Like most Americans I use credit cards.  I use them to buy online and to save the hassle of carrying cash.  Mostly these days I use my debit card but credit cards are great if your stove dies and you need to pay a repairperson or buy a new stove.  Or help with expenses if you are going to graduate school late in life as I did.  But they are a trap.  I remember a time when I cringed if I didn’t pay off the balance each month.  Those days are long gone.

James Surowiecki wrote a great piece for the New Yorker’s  Financial Page  in which he explains very clearly why credit cards companies need regulation as badly as the other financial markets.

It’s little wonder, then, that credit-card companies are now scrambling to shed the customers they think are most likely to default, and to limit the amount that others can spend. In effect, they’re trying to follow the advice given by Larry Selden and Geoffrey Colvin in a book called “Angel Customers & Demon Customers.” Not all customers are equal, it turns out: some are tremendously profitable, while others, like the guy who calls customer service six times a day to check his account balance, cost more than they’re worth. To boost profits, you must cultivate the angels and protect yourself against the demons.

That sounds easy enough. But credit-card companies have created a strange business, in which there’s a fine line between good and bad customers. Their best customers aren’t those who dutifully pay off their balance every month; instead, they’re the ones who charge a lot and pay only a little every month, carrying a sizable balance and racking up interest charges and late fees. These are the “revolvers,” and the credit-card business feeds on them. Credit-card companies don’t necessarily want revolvers to pay off their debts; if they did, there’d be no interest or fees to collect. They want their loans to be, in the words of a banking regulator, “a perpetual earning asset.”

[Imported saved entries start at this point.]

Lemma card_miss (i j k : 'I_n) : n - 3 <= #|val (Miss i j k)| <= n - 1.
Proof.
rewrite /= /miss; have := cardsC [set i; j; k]; rewrite card_ord.
have H1 : 0 < #|[set i; j; k]| by apply/card_gt0P; exists i; rewrite !inE eqxx.
have H3 : #|[set i; j; k]| <= 3.
  by rewrite cardsU cards2 cards1; case: (i != j) => /=; lia.
move: H1 H3; move: #|[set i; j; k]| #|~: [set i; j; k]| => a b *.
by apply/andP; split; lia.
Qed.
End CoTriples.

(** In the rest of the development theta is assumed to be an equivalence on
    every co-triple; [n] \ {i} and [n] \ {i,j} are the co-triples with
    repetitions. *)
Section Main.
Variables (n : nat) (i0 : 'I_n) (P Q : Diagram n) (t : Trans P Q).
Hypothesis theta_equiv : forall i j k : 'I_n, IsEquivalence (tcomp t (Miss i j k)).

Notation Miss1 i := (Miss i i i).
Notation Miss2 i j := (Miss i j j).

Lemma theta_faithful (i j k : 'I_n) (x y : dobj P (Miss i j k)) (f g : hom x y) :
  fmap (tcomp t (Miss i j k)) f = fmap (tcomp t (Miss i j k)) g -> f = g.
Proof. exact: equiv_faithful (theta_equiv i j k) x y f g. Qed.

Definition theta_lift (i j k : 'I_n) (x y : dobj P (Miss i j k))
    (h : hom (tcomp t _ x) (tcomp t _ y)) : hom x y :=
  proj1_sig (constructive_indefinite_description _ (equiv_full (theta_equiv i j k) h)).

Lemma theta_liftE (i j k : 'I_n) (x y : dobj P (Miss i j k))
    (h : hom (tcomp t _ x) (tcomp t _ y)) :
  fmap (tcomp t (Miss i j k)) (theta_lift h) = h.
Proof. by rewrite /theta_lift; case: constructive_indefinite_description. Qed.

Definition outside (U : Bn n) : 'I_n := odflt i0 [pick i | i \notin val U].

Lemma outside_notin (U : Bn n) : outside U \notin val U.
Proof.
rewrite /outside; case: pickP => [x Hx|H] //=; exfalso.
case: U H => U /= HU H; move: HU; rewrite properE => /andP [_ /subsetPn [x _ Hx]].
by move: (H x); rewrite /= Hx.
Qed.

Definition sub_outside (U : Bn n) : val U \subset val (Miss1 (outside U)) :=
  sub_miss (outside_notin U) (outside_notin U) (outside_notin U).

Lemma outside_notin_sub (U X : Bn n) (h : val U \subset val X) :
  outside X \notin val U.
Proof. exact: contra (subsetP h _) (outside_notin X). Qed.

Definition miss2_sub_l (i j : 'I_n) : val (Miss2 i j) \subset val (Miss1 i) :=
  sub_miss (notin_miss1 i j j) (notin_miss1 i j j) (notin_miss1 i j j).
Definition miss2_sub_r (i j : 'I_n) : val (Miss2 i j) \subset val (Miss1 j) :=
  sub_miss (notin_miss2 i j j) (notin_miss2 i j j) (notin_miss2 i j j).

Section Descent.
Variable b : LimObj Q.

Definition chart_spec (i : 'I_n) :=
  constructive_indefinite_description _
    (equiv_ess_surj (theta_equiv i i i) (la b (Miss1 i))).

Definition chart (i : 'I_n) : dobj P (Miss1 i) := proj1_sig (chart_spec i).
Definition chart_iso (i : 'I_n) : hom (tcomp t _ (chart i)) (la b (Miss1 i)) :=
  proj1_sig (constructive_indefinite_description _ (proj2_sig (chart_spec i))).

Definition chart_at (U : Bn n) (i : 'I_n) (h : val U \subset val (Miss1 i)) :
  hom (tcomp t U (dres P h (chart i))) (la b U) :=
  cmp (lalpha b h) (cmp (fmap (dres Q h) (chart_iso i)) (eq_hom (tnat_obj t h (chart i)))).

Lemma chart_at_heq (U : Bn n) (i : 'I_n) (h : val U \subset val (Miss1 i)) :
  heq (chart_at h) (cmp (lalpha b h) (fmap (dres Q h) (chart_iso i))).
Proof. by apply: heq_cmp; [exact: heq_cmp_eqr|exact: heq_refl]. Qed.

Lemma chart_at_restr (U V : Bn n) (i : 'I_n) (hUV : val U \subset val V)
    (hV : val V \subset val (Miss1 i)) (hU : val U \subset val (Miss1 i)) :
  heq (fmap (dres Q hUV) (chart_at hV)) (cmp (ginv (lalpha b hUV)) (chart_at hU)).
Proof.
apply: (heq_trans (heq_fmap _ (chart_at_heq hV))); rewrite fmap_comp.
apply: heq_sym; apply: (heq_trans (heq_cmp (heq_trans (chart_at_heq hU)
    (heq_cmp (heq_dres_comp hUV hV hU (chart_iso i)) (heq_lalpha_comp b hUV hV hU)))
  (heq_refl _))).
by rewrite -cmp_assoc cmp_K_inv; exact: heq_refl.
Qed.

Definition transition (i j : 'I_n) :
  hom (dres P (miss2_sub_r i j) (chart j)) (dres P (miss2_sub_l i j) (chart i)) :=
  theta_lift (cmp (ginv (chart_at (miss2_sub_l i j))) (chart_at (miss2_sub_r i j))).

Definition transition_at (U : Bn n) (i j : 'I_n) (hij : val U \subset val (Miss2 i j))
    (hi : val U \subset val (Miss1 i)) (hj : val U \subset val (Miss1 j)) :
  hom (dres P hj (chart j)) (dres P hi (chart i)) :=
  cmp (eq_hom (esym (dres_comp_obj P hij (miss2_sub_l i j) hi (chart i))))
      (cmp (fmap (dres P hij) (transition i j))
           (eq_hom (dres_comp_obj P hij (miss2_sub_r i j) hj (chart j)))).

Lemma transition_at_heq (U : Bn n) (i j : 'I_n) (hij : val U \subset val (Miss2 i j))
    (hi : val U \subset val (Miss1 i)) (hj : val U \subset val (Miss1 j)) :
  heq (transition_at hij hi hj) (fmap (dres P hij) (transition i j)).
Proof. by apply: heq_trans (heq_cmp_eql _ _) _; exact: heq_cmp_eqr. Qed.

Lemma transition_at_pi (U : Bn n) (i j : 'I_n) (hij hij' : val U \subset val (Miss2 i j))
    (hi hi' : val U \subset val (Miss1 i)) (hj hj' : val U \subset val (Miss1 j)) :
  heq (transition_at hij hi hj) (transition_at hij' hi' hj').
Proof.
rewrite (eq_irrelevance hij hij') (eq_irrelevance hi hi') (eq_irrelevance hj hj').
exact: heq_refl.
Qed.

Lemma transition_at_theta (U : Bn n) (i j : 'I_n) (hij : val U \subset val (Miss2 i j))
    (hi : val U \subset val (Miss1 i)) (hj : val U \subset val (Miss1 j)) :
  fmap (tcomp t U) (transition_at hij hi hj) = cmp (ginv (chart_at hi)) (chart_at hj).
Proof.
apply: heq_eq; apply: (heq_trans (heq_fmap _ (transition_at_heq hij hi hj))).
apply: (heq_trans (heq_tnat t hij (transition i j))).
rewrite /transition theta_liftE fmap_comp -inv_fmap.
apply: (heq_trans (heq_cmp (chart_at_restr hij (miss2_sub_r i j) hj)
  (heq_inv (chart_at_restr hij (miss2_sub_l i j) hi)))).
by rewrite inv_cmp inv_inv -cmp_assoc cmp_inv_K; exact: heq_refl.
Qed.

One of the things that credit card companies are doing is increasing interest rates – even on money borrowed at a lower rate.

This increase is partly a response to the greater risk of default, but it also takes advantage of the recession. Many cardholders don’t have enough money to pay off their balance in full, so when interest rates rise they aren’t able to just close their account and get a different card. Effectively, they’re captive customers. And since credit-card companies, unlike most lenders, are allowed to change the terms of their loans at any time, people who borrowed a big chunk of money at, say, nine per cent may now be paying seventeen per cent on the loan.

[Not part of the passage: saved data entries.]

(* Let $n\ge5$ and $\lambda\in\mathbb{R}$. The intrinsic $\mathrm{RMG}_\lambda$ flow on $({\sf Rat}_n^{eq},\gamma^{eq}_{L^2})$ is incomplete: there exist initial data $x\in{\sf Rat}_n^{eq}$, $v\in T_x{\sf Rat}_n^{eq}$ whose $\mathrm{RMG}_\lambda$ curve cannot be extended to all times $t\in\mathbb{R}$ within ${\sf Rat}_n^{eq}$.
   Context: ${\sf Rat}_n$ is the space of degree $n$ rational maps $W:S^2\to S^2$, a complex manifold via $W=\frac{a_0+\dots+a_nz^n}{b_0+\dots+b_nz^n}\mapsto[a_0,\dots,a_n,b_0,\dots,b_n]\in\mathbb{C}P^{2n+1}$, with the $L^2$ metric $\gamma_{L^2}(\dot W,\dot W)=16\int_{\mathbb{C}}\frac{|\dot W(z)|^2}{(1+|W(z)|^2)^2}\frac{dx\,dy}{(1+|z|^2)^2}$ ($z=x+iy$), which is Kähler. ${\sf Rat}_n^{eq}=\{W(z)=cz^n:c\in\mathbb{C}^\times\}\cong\mathbb{C}^\times$ is a complex curve in ${\sf Rat}_n$ (the fixed point set of the circle of holomorphic isometries $W(z)\mapsto e^{in\alpha}W(e^{-i\alpha}z)$), and $\gamma^{eq}_{L^2}$ is the induced metric. The intrinsic RMG flow is the RMG flow of $({\sf Rat}_n^{eq},\gamma^{eq}_{L^2})$ regarded as a Kähler manifold in its own right: for a Kähler manifold with Ricci form $\rho(X,Y)=\mathrm{Ric}(JX,Y)$, a curve $\alpha$ is $\mathrm{RMG}_\lambda$ if $\nabla^\alpha_{d/dt}\dot\alpha=\lambda\,\sharp\,\iota_{\dot\alpha}\rho$. *)

From Stdlib Require Import Reals Lra ClassicalEpsilon.
Open Scope R_scope.

(* Derivative of a real function at a point, as a total function
   (chosen by Hilbert epsilon; it is the derivative whenever f is
   differentiable at x, since the derivative is then unique). *)
Definition Der (f : R -> R) (x : R) : R :=
  epsilon (inhabits 0) (fun l => derivable_pt_lim f x l).

Definition d_u (f : R -> R -> R) : R -> R -> R :=
  fun u v => Der (fun s => f s v) u.
Definition d_v (f : R -> R -> R) : R -> R -> R :=
  fun u v => Der (fun s => f u s) v.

These tactics are not going to improve the credit-card industry’s dismal reputation. They’re also not going to help an economy in recession, since reduced credit lines take away an important cushion for consumer spending, and higher interest rates and increased fees are likely to drive more people to default. But the odd thing is that while less access to revolving credit is a bad thing for us in the short run, having people rely less on credit cards is a good thing in the long run.

Will Congress and the administration step up to help ease this transition?  A good first step would be higher rates only on new balances to let people pay off the old ones at a reasonable rate – both time and interest.